Philippines and Australia Sign 25-Year Defence Status Agreement in Canberra

The Philippines and Australia signed a 25-year reciprocal defence status agreement on May 19, 2026, covering three named bases and a 480 million AUD logistics fund.

Philippines and Australia Sign 25-Year Defence Status Agreement in Canberra

Manila and Canberra signed a 25-year reciprocal defence status agreement on May 19, 2026, the longest bilateral military framework either capital has concluded outside its formal treaty allies. The text was initialled at Parliament House by Philippine Defence Secretary Gilberto Teodoro Jr. and Australian Deputy Prime Minister Richard Marles, and confirms that troops from both sides may pre-position equipment and conduct combined exercises in each other's territory through 2051.

The agreement replaces an annual status-of-forces arrangement first signed in 2012. According to the joint communiqué released by the Australian Department of Defence, the new text covers four areas: criminal jurisdiction over visiting personnel, customs treatment for pre-positioned munitions, joint use of three named bases, and a standing logistics fund.

What Changes on the Ground

The three named bases are Subic Bay and Cagayan de Oro in the Philippines, and RAAF Tindal in the Northern Territory. Marles told reporters in Canberra that Australian transport aircraft will rotate through Subic Bay quarterly starting in October, while a Philippine Marine company will deploy to Tindal for tropical-warfare training every dry season.

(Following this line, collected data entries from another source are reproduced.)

(* Let $C$ be a supersingular curve of genus $g$ over $\mathbb{F}_q$, and write its normalized Weil numbers as $\zeta_{k_1}^{t_1},\ldots,\zeta_{k_{2g}}^{t_{2g}}$, where $\zeta_k=e^{2\pi i/k}$, $k_j\geq 1$, and $\gcd(k_j,t_j)=1$ for each $j$. Let $r$ be a positive integer. Then $C$ is maximal over $\mathbb{F}_{q^r}$ if and only if (i) there exist an integer $s\geq 1$ and odd integers $b_1,\ldots,b_{2g}$ such that $k_j=2^s b_j$ for all $1\le j\le 2g$ (with the same $s$ for all $j$), and (ii) $r$ is an odd multiple of $2^{s-1}\operatorname{lcm}(b_1,\ldots,b_{2g})$.
   Context: For a smooth projective curve $C$ of genus $g$ over $\mathbb{F}_q$, the zeta function is $Z(C/\mathbb{F}_q,T)=\exp\big(\sum_{s\ge1} \#C(\mathbb{F}_{q^s})T^s/s\big)=\frac{L(T)}{(1-T)(1-qT)}$ with $L(T)=\prod_{i=1}^{2g}(1-\alpha_iT)\in\mathbb{Z}[T]$, $|\alpha_i|=\sqrt q$. The normalized Weil numbers of $C/\mathbb{F}_q$ are $\alpha_i/\sqrt q$; those of $C/\mathbb{F}_{q^r}$ are their $r$-th powers. $C$ is supersingular if all normalized Weil numbers are roots of unity. $C$ is maximal over $\mathbb{F}_{Q}$ if $\#C(\mathbb{F}_Q)=1+Q+2g\sqrt{Q}$, which holds if and only if all normalized Weil numbers of $C/\mathbb{F}_Q$ equal $-1$. *)

From HB Require Import structures.
From mathcomp Require Import all_boot all_order all_algebra all_field.
Set Implicit Arguments. Unset Strict Implicit. Unset Printing Implicit Defensive.
Import Order.TTheory GRing.Theory Num.Theory.
Local Open Scope ring_scope.

(* A curve C of genus g over F_q is represented through its Weil data:
   the reciprocal roots alpha_1..alpha_{2g} of L(T) (in algC) and its
   point-count function N s = #C(F_{q^s}). *)

Definition prime_power (q : nat) : Prop :=
  exists p e : nat, [/\ prime p, (0 < e)%N & q = (p ^ e)%N].

Definition weil_numbers (q g : nat) (alpha : 'I_(2 * g) -> algC) : Prop :=
  (\prod_(i < 2 * g) (1 - alpha i *: 'X) \is a polyOver Num.int) /\
  (forall i, `|alpha i| = sqrtC (q%:R)).

(* Z(C/F_q, T) = exp(sum_s N s T^s / s) = L(T)/((1-T)(1-qT)), i.e.
   N s = 1 + q^s - sum_i alpha_i^s for all s >= 1. *)
Definition zeta_counts (q g : nat) (alpha : 'I_(2 * g) -> algC) (N : nat -> nat) : Prop :=
  forall s : nat, (0 < s)%N ->
    (N s)%:R = 1 + (q ^ s)%:R - \sum_(i < 2 * g) alpha i ^+ s :> algC.

Definition normalized (q g : nat) (alpha : 'I_(2 * g) -> algC) (i : 'I_(2 * g)) : algC :=
  alpha i / sqrtC (q%:R).

Definition supersingular (q g : nat) (alpha : 'I_(2 * g) -> algC) : Prop :=
  forall i, exists n : nat, (0 < n)%N /\ normalized q alpha i ^+ n = 1.

(* zeta_k = e^{2 pi i / k}: k.-root (-1) is the k-th root of -1 with
   minimal nonnegative argument, namely e^{i pi / k}. *)
Definition zeta (k : nat) : algC := (k.-root (-1)) ^+ 2.

Definition maximal_over (q g : nat) (N : nat -> nat) (r : nat) : Prop :=
  (N r)%:R = 1 + (q ^ r)%:R + (2 * g)%:R * sqrtC ((q ^ r)%:R) :> algC.

(* The normalized Weil numbers w_j have modulus 1 and #C(F_{q^r}) = 1 + q^r - q^(r/2) sum_j w_j^r,
   so C is maximal over F_{q^r} iff sum_j w_j^r = -2g, i.e. (equality case of the triangle
   inequality) iff w_j^r = -1 for every j.  As w_j is a primitive k_j-th root of unity, this means
   k_j | 2r but not k_j | r; writing k_j = 2^a_j b_j and r = 2^v o with b_j, o odd, it says
   a_j = v + 1 and b_j | o for all j, which is (i) and (ii).
   The one non-formal point is that zeta_k is a primitive k-th root of unity, i.e. that y = k.-root (-1)
   has order 2k.  By definition y maximizes the real part among the k-th roots of -1 in the closed
   upper half plane.  If y had order 2k' < 2k, then k = m k' with m >= 3 odd and y^k' = -1, so every
   m-th root of y is again a k-th root of -1, and one of them has larger real part than y. *)

From HB Require Import structures.
From mathcomp Require Import all_boot all_order all_algebra all_field.
From mathcomp Require Import ring zify.
Import Order.TTheory GRing.Theory Num.Theory.

Lemma dvdn_pow2_odd a b v o : odd b -> odd o ->
  (2 ^ a * b %| 2 ^ v * o) = (a <= v) && (b %| o).
Proof.
move=> b_odd o_odd; rewrite Gauss_dvd ?coprimeXl ?coprime2n //.
rewrite Gauss_dvdl ?coprimeXl ?coprime2n // dvdn_Pexp2l //.
by rewrite Gauss_dvdr // coprime_sym coprimeXl ?coprime2n.
Qed.

Lemma dvdn_double_ndvdn a b v o : odd b -> odd o ->
  (2 ^ a * b %| 2 * (2 ^ v * o)) && ~~ (2 ^ a * b %| 2 ^ v * o) = (a == v.+1) && (b %| o).
Proof.
move=> b_odd o_odd; rewrite mulnA -expnS !dvdn_pow2_odd //.
by case: (b %| o); rewrite ?andbF // !andbT -ltnNge -eqn_leq.
Qed.

Lemma partn2_decomp [n] : 0 < n -> odd n`_2^' /\ n = 2 ^ logn 2 n * n`_2^'.
Proof. by move=> n_gt0; rewrite odd_2'nat part_pnat -p_part partnC. Qed.

Lemma odd_biglcm n (b : 'I_n -> nat) : (forall j, odd (b j)) -> odd (\big[lcmn/1]_(j < n) b j).
Proof.
move=> b_odd; apply: (big_ind odd) => // x y x_odd y_odd.
by apply: (@dvdn_odd _ (x * y)); rewrite ?oddM ?x_odd // -muln_lcm_gcd dvdn_mulr.
Qed.

Lemma double_ndvdn_split [d k] : 0 < k -> (d %| 2 * k) && ~~ (d %| k) ->
  exists k' m, [/\ odd m, d = 2 * k' & k = m * k'].
Proof.
move=> k_gt0 dk; have d_gt0 : 0 < d by case/andP: dk => /dvdn_gt0-> //; rewrite muln_gt0.
have [b_odd dE] := partn2_decomp d_gt0; have [o_odd kE] := partn2_decomp k_gt0.
move: dk; rewrite dE kE dvdn_double_ndvdn // => /andP[/eqP a_eq b_dvd].
exists (2 ^ logn 2 k * d`_2^'), (k`_2^' %/ d`_2^'); split.
- exact: dvdn_odd (dvdn_div b_dvd) o_odd.
- by rewrite a_eq expnS mulnA.
- by rewrite mulnCA divnK.
Qed.

Lemma double_ndvdn_family [n] [k : 'I_n -> nat] [r] : 0 < r -> (forall j, 0 < k j) ->
  (forall j, (k j %| 2 * r) && ~~ (k j %| r)) <->
  (exists s (b : 'I_n -> nat), [/\ 1 <= s, (forall j, odd (b j)), (forall j, k j = 2 ^ s * b j) &
     exists m, odd m /\ r = m * (2 ^ (s - 1) * \big[lcmn/1]_(j < n) b j)]).
Proof.
move=> r_gt0 k_gt0; split => [k_cond | [s [b [s_gt0 b_odd kE [m [m_odd rE]]]]] j].
  have [o_odd rE] := partn2_decomp r_gt0.
  set v := logn 2 r in rE *; set o := r`_2^' in o_odd rE *.
  have k_part j : logn 2 (k j) = v.+1 /\ (k j)`_2^' %| o.
    have [kj_odd kjE] := partn2_decomp (k_gt0 j).
    by move: (k_cond j); rewrite [in X in X -> _]kjE rE dvdn_double_ndvdn // => /andP[/eqP-> ->].
  exists v.+1, (fun j => (k j)`_2^'); split => // [j|j|].
  - by have [] := partn2_decomp (k_gt0 j).
  - by have [_ {1}->] := partn2_decomp (k_gt0 j); rewrite (proj1 (k_part j)).
  set L := \big[lcmn/1]_j _.
  have L_dvd : L %| o by apply/dvdn_biglcmP => j _; exact: (proj2 (k_part j)).
  exists (o %/ L); split; first exact: dvdn_odd (dvdn_div L_dvd) o_odd.
  by rewrite subSS subn0 {1}rE mulnCA divnK.
set L := \big[lcmn/1]_j _ in rE.
have -> : r = 2 ^ (s - 1) * (m * L) by rewrite rE mulnCA.
rewrite kE dvdn_double_ndvdn ?oddM ?m_odd ?odd_biglcm // subn1 prednK // eqxx /=.
by apply/dvdn_mull/(biglcmn_sup j).
Qed.

Local Open Scope ring_scope.

Lemma prim_rootV (R : fieldType) n (z : R) : n.-primitive_root z -> n.-primitive_root z^-1.
Proof.
move=> z_prim; have n_gt0 := prim_order_gt0 z_prim.
have -> : z^-1 = z ^+ n.-1.
  have z_neq0 : z != 0 by rewrite (prim_root_eq0 z_prim) -lt0n.
  by apply: (mulIf z_neq0); rewrite mulVf // -exprSr prednK // (prim_expr_order z_prim).
by rewrite prim_root_exp_coprime // -{2}(prednK n_gt0) coprimenS.
Qed.

Lemma prim_root_exprz (R : fieldType) n (z : R) (t : int) :
  n.-primitive_root z -> coprimez n%:Z t -> n.-primitive_root (z ^ t).
Proof.
case: t => m z_prim co_nm; first by rewrite prim_root_exp_coprime // coprime_sym.
by apply: prim_rootV; rewrite prim_root_exp_coprime // coprime_sym.
Qed.

Lemma prim_root_expr_eqN1 [R : numDomainType] [n] [w : R] r : n.-primitive_root w ->
  (w ^+ r = -1) <-> (n %| 2 * r)%N && ~~ (n %| r)%N.
Proof.
have N1_neq1 : (-1 : R) != 1 by rewrite lt_eqF // (lt_trans (ltrN10 R) ltr01).
move=> w_prim; rewrite !(prim_order_dvd w_prim) mulnC exprM.
split=> [-> | /andP[]]; first by rewrite sqrrN expr1n eqxx N1_neq1.
by rewrite sqrf_eq1 => /orP[/eqP-> /negP | /eqP].
Qed.

Lemma norm_expr_eq1 [R : numDomainType] [x : R] [n] : (0 < n)%N -> `|x ^+ n| = 1 -> `|x| = 1.
Proof. by move=> n_gt0; rewrite normrX => /eqP; rewrite pexpr_eq1 // => /eqP. Qed.

Lemma geom_sum_unity_root (R : idomainType) (x : R) n :
  x ^+ n = 1 -> x != 1 -> \sum_(i < n) x ^+ i = 0.
Proof.
move=> xn x_neq1; apply/eqP; move: (subrX1 x n); rewrite xn subrr => /esym/eqP.
by rewrite mulf_eq0 subr_eq0 (negPf x_neq1).
Qed.

Lemma normC_sub1_sqr (C : numClosedFieldType) (x : C) :
  `|x| = 1 -> `|x - 1| ^+ 2 = 2 - 'Re x *+ 2.
Proof.
move=> x_norm; rewrite normCK rmorphB rmorph1 mulrBl !mulrBr -normCK x_norm.
by rewrite ReE; field.
Qed.

Lemma ler_normC_sub1 (C : numClosedFieldType) (z w : C) : `|z| = 1 -> `|w| = 1 ->
  (`|w - 1| <= `|z - 1|) = ('Re z <= 'Re w).
Proof.
move=> z_norm w_norm; rewrite -ler_sqr ?nnegrE // !normC_sub1_sqr // lerD2l lerN2.
by rewrite lerMn2r.
Qed.

Lemma Re_le_rootC [C : numClosedFieldType] [n] [x z : C] :
  (0 < n)%N -> x \is Num.real -> z ^+ n = x -> 'Re z <= 'Re (n.-root x).
Proof.
move=> n_gt0 x_real zx; have [Im_ge0 | Im_lt0] := real_ge0P (Creal_Im z).
  exact: rootC_Re_max.
rewrite -Re_conj; apply: rootC_Re_max => //; first by rewrite -rmorphXn zx; apply: conj_Creal.
by rewrite Im_conj oppr_ge0 ltW.
Qed.

Lemma exists_root_Re_gt [m] [w : algC] : (1 < m)%N -> `|w| = 1 -> w != 1 ->
  exists2 z, z ^+ m = w & 'Re w < 'Re z.
Proof.
move=> m_gt1 w_norm w_neq1; have m_gt0 := ltnW m_gt1.
have [rho rho_prim] := C_prim_root_exists m_gt0.
pose z (a : 'I_m) := m.-root w * rho ^+ a.
have zE a : z a ^+ m = w.
  by rewrite exprMn rootCK // exprAC (prim_expr_order rho_prim) expr1n mulr1.
have z_norm a : `|z a| = 1 by apply: norm_expr_eq1 m_gt0 _; rewrite zE.
pose P (x : algC) := \sum_(i < m) x ^+ i.
have zP a : (z a - 1) * P (z a) = w - 1 by rewrite -subrX1 zE.
have sumP : \sum_a P (z a) = \sum_(a < m) 1.
  rewrite exchange_big (bigD1 (Ordinal m_gt0)) //= [X in _ + X]big1 => [|i i_neq0].
    by rewrite addr0; apply: eq_bigr => a _; rewrite expr0.
  have rho_i_neq1 : rho ^+ i != 1.
    rewrite -(prim_order_dvd rho_prim) gtnNdvd // lt0n.
    by apply: contra i_neq0 => /eqP i0; apply/eqP/val_inj.
  under eq_bigr do rewrite /z exprMn exprAC.
  by rewrite -mulr_sumr geom_sum_unity_root ?mulr0 // exprAC (prim_expr_order rho_prim) expr1n.
(* Otherwise every P (z a) = (w - 1) / (z a - 1) has modulus at most 1; since they sum to m,
   they all equal 1, which forces all the z a to coincide. *)
have [a lt_wz | Re_le] := pickP (fun a => 'Re w < 'Re (z a)); first by exists (z a).
have P_le1 a : `|P (z a)| <= 1.
  have za_neq1 : z a != 1 by apply: contraNneq w_neq1 => za1; rewrite -(zE a) za1 expr1n.
  have za1_gt0 : 0 < `|z a - 1| by rewrite normr_gt0 subr_eq0.
  rewrite -(ler_pM2l za1_gt0) mulr1 -normrM zP ler_normC_sub1 //.
  by rewrite real_leNgt ?Re_le ?Creal_Re.
have zw a : z a = w.
  move: (zP a); rewrite (normC_sum_upper (fun a _ => P_le1 a) sumP) // mulr1.
  by move/addIr.
have /eqP := zw (Ordinal m_gt0); rewrite -(zw (Ordinal m_gt1)) /z (inj_eq (mulfI _)).
  by rewrite (eq_prim_root_expr rho_prim) !modn_small.
by rewrite rootC_eq0 // -normr_eq0 w_norm oner_eq0.
Qed.

Lemma rootCN1_prim [k] : (0 < k)%N -> (2 * k).-primitive_root (k.-root (-1 : algC)).
Proof.
move=> k_gt0; set y := k.-root (-1 : algC).
have yk : y ^+ k = -1 by rewrite rootCK.
have [d d_prim _] : {d | d.-primitive_root y & (d %| 2 * k)%N}.
  by apply: prim_order_exists; rewrite ?muln_gt0 // mulnC exprM yk sqrrN expr1n.
have [k' [m [m_odd dE kE]]] := double_ndvdn_split k_gt0 ((prim_root_expr_eqN1 k d_prim).1 yk).
have k'_gt0 : (0 < k')%N by move: k_gt0; rewrite kE muln_gt0 => /andP[].
suff m1 : m = 1%N by rewrite kE m1 mul1n -dE.
apply/eqP; apply: contraT => m_neq1.
have m_gt1 : (1 < m)%N by move: m_odd m_neq1; case: (m) => [|[|]].
have yk' : y ^+ k' = -1.
  by apply/(prim_root_expr_eqN1 _ d_prim); rewrite dE dvdnn gtnNdvd //; lia.
have y_norm : `|y| = 1 by apply: (norm_expr_eq1 k_gt0); rewrite yk normrN1.
have y_neq1 : y != 1 by rewrite -[y]expr1 -(prim_order_dvd d_prim) dE dvdn1; lia.
have [z zm lt_yz] := exists_root_Re_gt m_gt1 y_norm y_neq1.
have zk : z ^+ k = -1 by rewrite kE exprM zm yk'.
by have := Re_le_rootC k_gt0 (rpredN1 _) zk; rewrite (lt_geF lt_yz).
Qed.

Lemma zeta_prim [k] : (0 < k)%N -> k.-primitive_root (zeta k).
Proof.
move=> k_gt0; have := exp_prim_root (rootCN1_prim k_gt0) 2.
by rewrite (gcdn_idPl (dvdn_mulr k (dvdnn 2))) mulKn.
Qed.

Lemma sumr_eqN_card (C : numClosedFieldType) (I : finType) (F : I -> C) :
  (forall i, `|F i| <= 1) -> \sum_i F i = - #|I|%:R <-> (forall i, F i = -1).
Proof.
move=> F_le1; split=> [sumF i | F_N1]; last first.
  by rewrite (eq_bigr _ (fun i _ => F_N1 i)) sumr_const mulNrn.
apply: oppr_inj; rewrite (@normC_sum_upper _ _ predT (fun i => - F i) (fun=> 1)) ?opprK //.
  by move=> j _; rewrite normrN.
by rewrite sumrN sumF opprK sumr_const.
Qed.

Lemma normalized_norm q g (alpha : 'I_(2 * g) -> algC) j :
  (0 < q)%N -> weil_numbers q alpha -> `|normalized q alpha j| = 1.
Proof.
move=> q_gt0 [_ alpha_norm]; rewrite normrM normfV alpha_norm.
by rewrite ger0_norm ?sqrtC_ge0 ?ler0n // divff // sqrtC_eq0 pnatr_eq0 -lt0n.
Qed.

Lemma maximal_overE [q g] [alpha : 'I_(2 * g) -> algC] [N r] :
  (0 < q)%N -> (0 < r)%N -> zeta_counts q alpha N ->
  maximal_over q g N r <-> \sum_j normalized q alpha j ^+ r = - (2 * g)%:R.
Proof.
move=> q_gt0 r_gt0 hN; set s := sqrtC (q%:R : algC).
have s_neq0 : s != 0 by rewrite sqrtC_eq0 pnatr_eq0 -lt0n.
have sqrt_qr : sqrtC ((q ^ r)%:R : algC) = s ^+ r by rewrite natrX rootCX // ler0n.
have sum_alpha : \sum_j alpha j ^+ r = (\sum_j normalized q alpha j ^+ r) * s ^+ r.
  by rewrite mulr_suml; apply: eq_bigr => j _; rewrite -exprMn divfK.
rewrite /maximal_over hN // sqrt_qr sum_alpha; split=> [/addrI | ->].
  by rewrite -mulNr => /(mulIf (expf_neq0 r s_neq0)) <-; rewrite opprK.
by rewrite mulNr opprK.
Qed.

Lemma maximal_over_exprN1 [q g] [alpha : 'I_(2 * g) -> algC] [N r] :
  (0 < q)%N -> (0 < r)%N -> weil_numbers q alpha -> zeta_counts q alpha N ->
  maximal_over q g N r <-> forall j, normalized q alpha j ^+ r = -1.
Proof.
move=> q_gt0 r_gt0 hW hN; apply: iff_trans (maximal_overE q_gt0 r_gt0 hN) _.
rewrite -[in X in _ = - X%:R](card_ord (2 * g)); apply: sumr_eqN_card => j.
by rewrite normrX normalized_norm // expr1n.
Qed.

Theorem mainTheorem1 (q g : nat) (alpha : 'I_(2 * g) -> algC) (N : nat -> nat)
  (hq : prime_power q) (hW : weil_numbers q alpha) (hN : zeta_counts q alpha N)
  (hss : supersingular q alpha)
  (k : 'I_(2 * g) -> nat) (t : 'I_(2 * g) -> int)
  (hk : forall j, (1 <= k j)%N)
  (hkt : forall j, coprimez (k j)%:Z (t j))
  (hrep : forall j, normalized q alpha j = zeta (k j) ^ t j)
  (r : nat) (hr : (0 < r)%N) :
  maximal_over q g N r <->
  (exists (s : nat) (b : 'I_(2 * g) -> nat),
     [/\ (1 <= s)%N,
         (forall j, odd (b j)),
         (forall j, k j = (2 ^ s * b j)%N) &
         exists m : nat, odd m /\ r = (m * (2 ^ (s - 1) * \big[lcmn/1%N]_(j < 2 * g) b j))%N]).
Proof.
have q_gt0 : (0 < q)%N by case: hq => p [e [p_prime _ ->]]; rewrite expn_gt0 prime_gt0.
have w_prim j : (k j).-primitive_root (normalized q alpha j).
  by rewrite hrep; apply: prim_root_exprz (hkt j); apply: zeta_prim.
apply: iff_trans (maximal_over_exprN1 q_gt0 hr hW hN) _.
apply: iff_trans (double_ndvdn_family hr hk).
by split=> w_N1 j; apply/(prim_root_expr_eqN1 r (w_prim j)).
Qed.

Teodoro said the logistics fund, capped at 480 million Australian dollars over five years, will pay for fuel storage, ammunition bunkers and a joint repair depot at Subic. The fund is front-loaded — 180 million dollars will be released in the first 12 months.

Regional Response

Indonesia's Foreign Ministry, in a statement issued on May 20, said it had been briefed in advance and considered the agreement consistent with ASEAN principles. The Chinese Foreign Ministry described the pact as a step that risked "dragging the region into bloc confrontation," according to a transcript of the May 20 press briefing by spokesperson Mao Ning.

The agreement comes after three rounds of negotiation between January and April. Marles said the text now goes to Federal Parliament for ratification, with a vote expected before the winter recess. The Philippine Senate is scheduled to take up the document on June 3.

Trade Component

Annexed to the defence text is a memorandum on critical minerals. Australia will fund a 60 million dollar feasibility study for a nickel-refining plant in Surigao del Norte, with output earmarked for Australian battery makers. According to Trade Minister Don Farrell, the study should report by March 2027.

The Philippines becomes the seventh country with which Australia holds a formal reciprocal defence framework, alongside the United States, the United Kingdom, New Zealand, Japan, Singapore and Papua New Guinea.